After this masterpiece, set in a foreign land, he decided to tell a story completely set in America, about the fiscal speculations and the greedy: Wall Street. Michel Douglas, who plays an evil businessman, Gordon Gekko, has immediately became a cult character, as much as Scarface’s protagonist Tony Montana. Gekko is the negative representation of the American bourgeois class that has no interest but to make money. In 1988, after reading Born on the fourth of July, the autobiography by Ron Kovic, he decided to make the homonymous movie. A manifest for pacifism and an hymn against the Vietnam war.

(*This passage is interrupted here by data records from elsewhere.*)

(* For every integer $n\ge 0$, \[ B_{n,q}=\sum_{k=0}^{n}(-1)^k2^{n-2k}k!\,S_2(n,k)\,d_{k,q}. \]
   Context: Let $p$ be a fixed odd prime, $\mathbb{C}_p$ the completion of the algebraic closure of $\mathbb{Q}_p$, with $|p|_p=1/p$. Let $q\in\mathbb{C}_p$ with $|1-q|_p<p^{-1/(p-1)}$, and $\log$ the $p$-adic logarithm. The $q$-Bernoulli numbers $B_{n,q}$ are defined by $\frac{(q-1)+\frac{q-1}{\log q}t}{qe^t-1}=\sum_{n\ge0}B_{n,q}\frac{t^n}{n!}$. The numbers $d_{n,q}$ are defined by \[ \frac{q-1+\frac{q-1}{\log q}\cdot\frac12\log(1-4t)}{q\sqrt{1-4t}-1}=\sum_{n=0}^{\infty}d_{n,q}t^n, \] for $t\in\mathbb{C}_p$ with $|t|_p<p^{-1/(p-1)}$. $S_2(n,k)$ are the Stirling numbers of the second kind, defined by $x^n=\sum_{l=0}^n S_2(n,l)(x)_l$, where $(x)_0=1$, $(x)_l=x(x-1)\cdots(x-l+1)$. *)

(* Formal power series over an abstract field K of
   characteristic 0 are represented by their coefficient sequences nat -> K. *)
From HB Require Import structures.
From mathcomp Require Import all_boot all_order all_algebra.
Set Implicit Arguments. Unset Strict Implicit. Unset Printing Implicit Defensive.
Import GRing.Theory.
Local Open Scope ring_scope.

(* Stirling numbers of the second kind, by the standard recursion
   S2(n+1,k+1) = (k+1) S2(n,k+1) + S2(n,k), S2(0,0)=1, S2(n+1,0)=S2(0,k+1)=0;
   these are exactly the numbers with x^n = sum_l S2(n,l) (x)_l. *)
Fixpoint stirling2 (n k : nat) : nat :=
  match n, k with
  | 0, 0 => 1
  | 0, _.+1 => 0
  | _.+1, 0 => 0
  | n'.+1, k'.+1 => k'.+1 * stirling2 n' k'.+1 + stirling2 n' k'
  end%N.

Section FPS.
Variable K : fieldType.

Definition fps_mul (a b : nat -> K) (n : nat) : K :=
  \sum_(k < n.+1) a k * b (n - k)%N.
Definition fps_add (a b : nat -> K) (n : nat) : K := a n + b n.
Definition fps_scale (c : K) (a : nat -> K) (n : nat) : K := c * a n.
Definition fps_C (c : K) (n : nat) : K := if n == 0%N then c else 0.
Definition fps_X (n : nat) : K := if n == 1%N then 1 else 0.
Definition fps_exp (n : nat) : K := (n`!%:R)^-1.
Definition gbinom (a : K) (m : nat) : K :=
  (\prod_(i < m) (a - i%:R)) / m`!%:R.
(* sqrt(1-4t) = sum_m binom(1/2, m) (-4t)^m  (the branch with value 1 at 0) *)
Definition fps_sqrt1m4 (n : nat) : K := gbinom (2%:R)^-1 n * (- 4%:R) ^+ n.
Definition fps_log1m4 (n : nat) : K :=
  if n == 0%N then 0 else - ((4%:R) ^+ n / n%:R).
Definition egf (b : nat -> K) (n : nat) : K := b n / n`!%:R.

(* B is the sequence of q-Bernoulli numbers (lq stands for log q):
   (q e^t - 1) * sum_n B_n t^n/n! = (q-1) + (q-1)/log q * t *)
Definition is_qBernoulli (q lq : K) (B : nat -> K) : Prop :=
  forall n, fps_mul (fps_add (fps_scale q fps_exp) (fps_C (-1))) (egf B) n
            = fps_add (fps_C (q - 1)) (fps_scale ((q - 1) / lq) fps_X) n.

Definition is_dq (q lq : K) (d : nat -> K) : Prop :=
  forall n, fps_mul (fps_add (fps_scale q fps_sqrt1m4) (fps_C (-1))) d n
            = fps_add (fps_C (q - 1))
                      (fps_scale ((q - 1) / lq * (2%:R)^-1) fps_log1m4) n.

End FPS.

From HB Require Import structures.
From mathcomp Require Import all_boot all_order all_algebra.
From mathcomp Require Import ring.
Import GRing.Theory.
Local Open Scope ring_scope.

(* Substitute t = (1 - e^(2s))/4 in the generating function D(t) = sum_k d_k t^k.
   Then sqrt(1 - 4t) = e^s and log(1 - 4t)/2 = s, so the relation defining d
   turns into the one defining the q-Bernoulli numbers, and D((1 - e^(2s))/4)
   is their exponential generating function.  On the other hand
   ((1 - e^(2s))/4)^k = (-1/4)^k (e^(2s) - 1)^k, whose n-th exponential
   coefficient is (-1/4)^k k! S_2(n,k) 2^n.  Power series are handled as
   polynomials compared modulo X^N; the identities for sqrt and log follow from
   the differential equations (1 - 4t) y' = -2y and (1 - 4t) y' = -4, whose
   solutions are determined by y(0) in characteristic 0. *)

Lemma expfz_subn_double (F : fieldType) (x : F) (n k : nat) : x != 0 ->
  x ^ (n%:Z - (2 * k)%:Z) = (x ^+ 2)^-1 ^+ k * x ^+ n.
Proof. by move=> x_neq0; rewrite expfzDr // -exprnN exprM exprVn mulrC. Qed.

Section TruncatedCongruence.
Context {K : fieldType}.
Implicit Types (p q r A U : {poly K}) (a : K).

Definition eqmodX (N : nat) (p q : {poly K}) :=
  forall i, (i < N)%N -> p`_i = q`_i.

Lemma eqmodX_dvdp N p q : eqmodX N p q <-> 'X^N %| p - q.
Proof.
split=> [eq_pq | /dvdpP [r pq_r] i lt_iN].
- apply/modp_eq0P; rewrite -Pdiv.IdomainMonic.take_poly_modp.
  apply/polyP => i; rewrite coef_take_poly coef0 coefB.
  by case: ifP => // /eq_pq ->; rewrite subrr.
- by apply/eqP; rewrite -subr_eq0 -coefB pq_r coefMXn lt_iN.
Qed.

Lemma eqmodX_sym {N p q} : eqmodX N p q -> eqmodX N q p.
Proof. by move=> eq_pq i /eq_pq ->. Qed.

Lemma eqmodX_trans {N p q r} : eqmodX N p q -> eqmodX N q r -> eqmodX N p r.
Proof. by move=> eq_pq eq_qr i lt_iN; rewrite eq_pq // eq_qr. Qed.

Lemma eqmodXDl {N} r {p q} : eqmodX N p q -> eqmodX N (r + p) (r + q).
Proof. by move=> eq_pq i lt_iN; rewrite !coefD eq_pq. Qed.

Lemma eqmodXDr {N} r {p q} : eqmodX N p q -> eqmodX N (p + r) (q + r).
Proof. by move=> eq_pq i lt_iN; rewrite !coefD eq_pq. Qed.

Lemma eqmodXZ {N} a {p q} : eqmodX N p q -> eqmodX N (a *: p) (a *: q).
Proof. by move=> eq_pq i lt_iN; rewrite !coefZ eq_pq. Qed.

Lemma eqmodXMl {N} r {p q} : eqmodX N p q -> eqmodX N (r * p) (r * q).
Proof.
by move=> /eqmodX_dvdp ?; apply/eqmodX_dvdp; rewrite -mulrBr dvdp_mull.
Qed.

Lemma eqmodXMr {N} r {p q} : eqmodX N p q -> eqmodX N (p * r) (q * r).
Proof. by rewrite ![_ * r]mulrC; apply: eqmodXMl. Qed.

Lemma coef0_comp p U : U`_0 = 0 -> (p \Po U)`_0 = p`_0.
Proof.
by move=> U0; rewrite -horner_coef0 horner_comp horner_coef0 U0 horner_coef0.
Qed.

Lemma eqmodX_comp {N U p q} :
  U`_0 = 0 -> eqmodX N p q -> eqmodX N (p \Po U) (q \Po U).
Proof.
move=> U0 /eqmodX_dvdp /dvdpP [r pq_r]; apply/eqmodX_dvdp.
have /eqmodX_dvdp : eqmodX 1 U 0 by case=> // _; rewrite coef0.
rewrite expr1 subr0 => /dvdpP [s ->].
rewrite -comp_polyB pq_r comp_polyM comp_Xn_poly exprMn.
by apply/dvdp_mull/dvdp_mull.
Qed.

Lemma eqmodX_mull_cancel {N} A {p q} :
  A`_0 != 0 -> eqmodX N (A * p) (A * q) -> eqmodX N p q.
Proof.
move=> A0 /eqmodX_dvdp; rewrite -mulrBr Gauss_dvdpr => [/eqmodX_dvdp //|].
by apply: coprimep_expl; rewrite coprimep_sym coprimepX rootE horner_coef0.
Qed.

End TruncatedCongruence.

Section SeriesInCharacteristicZero.
Context {K : fieldType}.
Implicit Types (p r f : {poly K}) (a : K).

Lemma coefM_fps_mul N p r (a b : nat -> K) i :
  (forall j, (j < N)%N -> p`_j = a j) -> (forall j, (j < N)%N -> r`_j = b j) ->
  (i < N)%N -> (p * r)`_i = fps_mul a b i.
Proof.
move=> pa rb lt_iN; rewrite coefM.
apply: eq_bigr => [[j /=]]; rewrite ltnS => le_ji _.
rewrite pa ?rb //; first exact: leq_ltn_trans (leq_subr _ _) lt_iN.
exact: leq_ltn_trans le_ji lt_iN.
Qed.

Hypothesis charK0 : [pchar K] =i pred0.

Lemma natrS_neq0 m : m.+1%:R != 0 :> K.
Proof. by have /pcharf0P -> := charK0. Qed.

Lemma fact_neq0 m : m`!%:R != 0 :> K.
Proof. by have /pcharf0P -> := charK0; rewrite -lt0n fact_gt0. Qed.

Lemma eqmodX_deriv_uniq N a r p q :
  eqmodX N p^`() (a *: p + r) -> eqmodX N q^`() (a *: q + r) -> p`_0 = q`_0 ->
  eqmodX N.+1 p q.
Proof.
move=> dp dq pq0; elim=> [//|i IHi] lt_iN.
apply: (mulIf (natrS_neq0 i)); rewrite !mulr_natr -!coef_deriv.
by rewrite dp ?dq // !coefD !coefZ IHi // ltnW.
Qed.

Definition exp_poly N a : {poly K} := \poly_(i < N) (a ^+ i / i`!%:R).

Lemma exp_poly_coef0 N a : (exp_poly N.+1 a)`_0 = 1.
Proof. by rewrite coef_poly /= expr0 fact0 divr1. Qed.

Lemma deriv_exp_poly N a : eqmodX N (exp_poly N.+1 a)^`() (a *: exp_poly N.+1 a).
Proof.
move=> i lt_iN; rewrite coef_deriv coefZ !coef_poly ltnS lt_iN ltnW //.
rewrite factS natrM exprS -mulr_natr.
by field; rewrite fact_neq0 addrC natr1 natrS_neq0.
Qed.

Section StirlingCoefficients.
Variables (N : nat) (a : K).
Local Notation F := (exp_poly N a - 1).

Lemma coef_exp_poly_sub1XS n k : (n.+1 < N)%N ->
  (F ^+ k.+1)`_n.+1 * n.+1%:R = a * k.+1%:R * ((F ^+ k.+1)`_n + (F ^+ k)`_n).
Proof.
move=> lt_n1N; have dF : eqmodX n.+1 F^`() (a *: (F + 1)).
  rewrite derivB -polyC1 derivC subr0 subrK.
  case: N lt_n1N => // N' lt_n1N i lt_in1.
  by apply: deriv_exp_poly; apply: leq_trans lt_in1 _; rewrite -ltnS.
rewrite mulr_natr -coef_deriv deriv_exp coefMn /=.
rewrite (eqmodXMr (F ^+ k) dF) //.
by rewrite -scalerAl mulrDl mul1r -exprS coefZ coefD -mulrnAl mulr_natr.
Qed.

Lemma coef_exp_poly_sub1X n k : (n < N)%N ->
  (F ^+ k)`_n * n`!%:R = k`!%:R * (stirling2 n k)%:R * a ^+ n.
Proof.
elim: n k => [|n IHn] [|k] lt_nN.
- by rewrite expr0 coef1 /= !mul1r.
- by rewrite -horner_coef0 horner_exp !hornerE horner_coef0 coef_poly lt_nN
    expr0 divr1 subrr expr0n.
- by rewrite expr0 coef1 /= mulr0n !(mul0r, mulr0).
rewrite factS natrM mulrA coef_exp_poly_sub1XS // mulrDr mulrDl.
rewrite -!mulrA !IHn ?(ltnW lt_nN) // factS /= !natrD !natrM exprS.
ring.
Qed.

End StirlingCoefficients.

Definition sqrt1m4_poly N : {poly K} := \poly_(i < N) fps_sqrt1m4 K i.
Definition log1m4_poly N : {poly K} := \poly_(i < N) fps_log1m4 K i.

Lemma fps_sqrt1m4_0 : fps_sqrt1m4 K 0 = 1.
Proof. by rewrite /fps_sqrt1m4 /gbinom big_ord0 expr0 fact0 divr1 mulr1. Qed.

Lemma fps_sqrt1m4S i :
  fps_sqrt1m4 K i.+1 *+ i.+1 = fps_sqrt1m4 K i * (4%:R * i%:R - 2%:R).
Proof.
rewrite -mulr_natr /fps_sqrt1m4 /gbinom big_ord_recr /= factS natrM exprS.
by field; rewrite fact_neq0 addrC natr1 !natrS_neq0.
Qed.

Lemma fps_log1m4S i : fps_log1m4 K i.+1 *+ i.+1 = - 4%:R ^+ i.+1.
Proof.
have -> : fps_log1m4 K i.+1 = - (4%:R ^+ i.+1 / i.+1%:R) by [].
by rewrite mulNrn -[(_ / _) *+ _]mulr_natr divfK ?natrS_neq0.
Qed.

Lemma coef_one_sub4XM p i :
  ((1 - 4%:R *: 'X) * p)`_i = p`_i - 4%:R * (if i is i'.+1 then p`_i' else 0).
Proof. by rewrite mulrBl mul1r -scalerAl coefB coefZ coefXM; case: i. Qed.

Lemma sqrt1m4_poly_ode N :
  eqmodX N ((1 - 4%:R *: 'X) * (sqrt1m4_poly N.+1)^`())
           (- 2%:R *: sqrt1m4_poly N.+1).
Proof.
move=> i lt_iN; rewrite coef_one_sub4XM coefZ.
case: i lt_iN => [|i] lt_iN;
  rewrite !coef_deriv !coef_poly ?ltnS lt_iN ?(ltnW lt_iN);
  by rewrite fps_sqrt1m4S; ring.
Qed.

Lemma log1m4_poly_ode N :
  eqmodX N ((1 - 4%:R *: 'X) * (log1m4_poly N.+1)^`()) (- 4%:R)%:P.
Proof.
move=> i lt_iN; rewrite coef_one_sub4XM coefC.
case: i lt_iN => [|i] lt_iN;
  rewrite !coef_deriv !coef_poly ?ltnS lt_iN ?(ltnW lt_iN);
  by rewrite !fps_log1m4S exprS /=; ring.
Qed.

Definition tsubst N : {poly K} := 4%:R^-1 *: (1 - exp_poly N 2%:R).

Lemma tsubst_coef0 N : (tsubst N.+1)`_0 = 0.
Proof. by rewrite coefZ coefB coef1 exp_poly_coef0 subrr mulr0. Qed.

Lemma one_sub4_tsubst N : 1 - 4%:R *: tsubst N = exp_poly N 2%:R.
Proof. by rewrite scalerA mulfV ?natrS_neq0 // scale1r opprB addrC subrK. Qed.

Lemma deriv_tsubst N :
  eqmodX N (tsubst N.+1)^`() (- 2%:R^-1 *: exp_poly N.+1 2%:R).
Proof.
move=> i lt_iN; rewrite derivZ derivB -polyC1 derivC sub0r coefZ coefN.
rewrite deriv_exp_poly // !coefZ.
by field; rewrite !natrS_neq0.
Qed.

Lemma deriv_comp_tsubst {N p f} :
  eqmodX N ((1 - 4%:R *: 'X) * p^`()) f ->
  eqmodX N (p \Po tsubst N.+1)^`() (- 2%:R^-1 *: (f \Po tsubst N.+1)).
Proof.
move=> ode_p; rewrite deriv_comp.
apply: eqmodX_trans (eqmodXMl _ (deriv_tsubst N)) _.
rewrite mulrC -scalerAl; apply: eqmodXZ.
have := eqmodX_comp (tsubst_coef0 N) ode_p.
rewrite comp_polyM comp_polyB comp_polyZ comp_polyX.
by rewrite -polyC1 comp_polyC one_sub4_tsubst.
Qed.

Lemma sqrt1m4_comp_tsubst N :
  eqmodX N.+1 (sqrt1m4_poly N.+1 \Po tsubst N.+1) (exp_poly N.+1 1).
Proof.
apply: (@eqmodX_deriv_uniq N 1 0).
- rewrite addr0 scale1r.
  apply: eqmodX_trans (deriv_comp_tsubst (sqrt1m4_poly_ode N)) _.
  by rewrite comp_polyZ scalerA mulrN mulNr mulVf ?natrS_neq0 // opprK scale1r.
- by move=> i lt_iN; rewrite addr0 deriv_exp_poly.
- by rewrite coef0_comp ?tsubst_coef0 // exp_poly_coef0 coef_poly fps_sqrt1m4_0.
Qed.

Lemma log1m4_comp_tsubst N :
  eqmodX N.+1 (log1m4_poly N.+1 \Po tsubst N.+1) (2%:R *: 'X).
Proof.
apply: (@eqmodX_deriv_uniq N 0 2%:R%:P).
- rewrite scale0r add0r.
  apply: eqmodX_trans (deriv_comp_tsubst (log1m4_poly_ode N)) _.
  rewrite comp_polyC scale_polyC (_ : - 2%:R^-1 * - 4%:R = 2%:R) //.
  by field; rewrite natrS_neq0.
- by rewrite scale0r add0r derivZ derivX scale_polyC mulr1.
- by rewrite coef0_comp ?tsubst_coef0 // coef_poly coefZ coefX mulr0.
Qed.

Lemma qBernoulli_eqmodX N {q lq : K} {B : nat -> K} : is_qBernoulli q lq B ->
  eqmodX N ((q *: exp_poly N 1 - 1) * \poly_(i < N) egf B i)
           ((q - 1)%:P + ((q - 1) / lq) *: 'X).
Proof.
move=> qB i lt_iN.
pose E := fps_add (fps_scale q (fps_exp K)) (fps_C (-1)).
rewrite (@coefM_fps_mul N _ _ E (egf B)) //.
- rewrite qB coefD coefC coefZ coefX /fps_add /fps_C /fps_scale /fps_X.
  by case: (i == 1%N).
- move=> j lt_jN; rewrite coefB coefZ coef1 coef_poly lt_jN expr1n mul1r.
  rewrite /E /fps_add /fps_scale /fps_C /fps_exp.
  by case: (j == 0%N); rewrite ?subr0 ?addr0.
- by move=> j lt_jN; rewrite coef_poly lt_jN.
Qed.

Lemma dq_eqmodX N {q lq : K} {d : nat -> K} : is_dq q lq d ->
  eqmodX N ((q *: sqrt1m4_poly N - 1) * \poly_(i < N) d i)
           ((q - 1)%:P + ((q - 1) / lq * 2%:R^-1) *: log1m4_poly N).
Proof.
move=> qd i lt_iN.
pose S := fps_add (fps_scale q (fps_sqrt1m4 K)) (fps_C (-1)).
rewrite (@coefM_fps_mul N _ _ S d) //.
- by rewrite qd coefD coefC coefZ coef_poly lt_iN.
- move=> j lt_jN; rewrite coefB coefZ coef1 coef_poly lt_jN.
  by rewrite /S /fps_add /fps_scale /fps_C; case: (j == 0%N); rewrite ?subr0 ?addr0.
- by move=> j lt_jN; rewrite coef_poly lt_jN.
Qed.

Lemma coef_comp_tsubst (d : nat -> K) {N n} : (n <= N)%N ->
  (\poly_(i < N.+1) d i \Po tsubst N.+1)`_n * n`!%:R
  = \sum_(k < N.+1)
      d k * (- 4%:R^-1) ^+ k * k`!%:R * (stirling2 n k)%:R * 2%:R ^+ n.
Proof.
move=> le_nN; rewrite poly_def (raddf_sum (comp_poly _)) coef_sum mulr_suml.
apply: eq_bigr => k _.
have -> : tsubst N.+1 = - 4%:R^-1 *: (exp_poly N.+1 2%:R - 1).
  by rewrite scaleNr -scalerN opprB.
rewrite /= comp_polyZ comp_Xn_poly exprZn !coefZ -!mulrA coef_exp_poly_sub1X //.
by rewrite !mulrA.
Qed.

Lemma dq_comp_tsubst {q lq : K} {B d : nat -> K} {N} :
  q != 1 -> is_qBernoulli q lq B -> is_dq q lq d ->
  eqmodX N.+1 (\poly_(i < N.+1) d i \Po tsubst N.+1) (\poly_(i < N.+1) egf B i).
Proof.
move=> q_neq1 qB qd; set E := q *: exp_poly N.+1 1 - 1.
have dqU := eqmodX_comp (tsubst_coef0 N) (dq_eqmodX N.+1 qd).
rewrite comp_polyM comp_polyB comp_polyZ -polyC1 comp_polyC polyC1 in dqU.
rewrite comp_polyD comp_polyC comp_polyZ in dqU.
apply: (eqmodX_mull_cancel E).
  by rewrite coefB coefZ exp_poly_coef0 coef1 mulr1 subr_eq0.
have sqrtU := eqmodX_sym (sqrt1m4_comp_tsubst N).
apply: eqmodX_trans (eqmodXMr _ (eqmodXDr _ (eqmodXZ q sqrtU))) _.
apply: eqmodX_trans dqU _.
apply: eqmodX_trans (eqmodXDl _ (eqmodXZ _ (log1m4_comp_tsubst N))) _.
rewrite scalerA divfK ?natrS_neq0 //.
exact: eqmodX_sym (qBernoulli_eqmodX N.+1 qB).
Qed.

End SeriesInCharacteristicZero.

Theorem theorem4 (K : fieldType) (q lq : K) (B d : nat -> K) :
  [pchar K] =i pred0 -> q != 1 -> lq != 0 ->
  is_qBernoulli q lq B -> is_dq q lq d ->
  forall n : nat,
    B n = \sum_(k < n.+1)
            (-1) ^+ k * (2%:R : K) ^ (n%:Z - (2 * k)%:Z) * k`!%:R
            * (stirling2 n k)%:R * d k.
Proof.
move=> charK0 q_neq1 _ qB qd n.
have := coef_comp_tsubst charK0 d (leqnn n).
rewrite (dq_comp_tsubst charK0 q_neq1 qB qd n (ltnSn n)) coef_poly ltnSn.
rewrite /egf divfK ?fact_neq0 // => ->.
apply: eq_bigr => k _.
have sq2 : (2%:R : K) ^+ 2 = 4%:R by rewrite -natrX.
rewrite expfz_subn_double ?natrS_neq0 // sq2 (exprNn 4%:R^-1).
ring.
Qed.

From the nineties to today: Natural born killers, Every Bloody Sunday and Alexander

In ’94 Oliver Stone shock the audience again. He bought a script from a young Quentin Tarantino and shot a movie called Natural born killers. A story against the media, against their ridiculous way of showing violence and murders just to attract the audience. Shot in an extremely experimental way, this masterpiece was not liked at all by most part of the audience and the press. in 1999, he invented an another cult character, the coach Tony D’amato , played by Pacino, whose final speech in every bloody sunday, is still quoted today.

The Lucca Film Festival and Europa Cinema, other than showing a complete retrospective of the director’s work, will give the chance to watch Alexander with the introduction of the director himself. The big 2004 Colossal, based on the life of Alexander the great, has a dreamlike cast, including Colin Farrell, Angelina Jolia, Val Kilmer and Anthony Hopkins.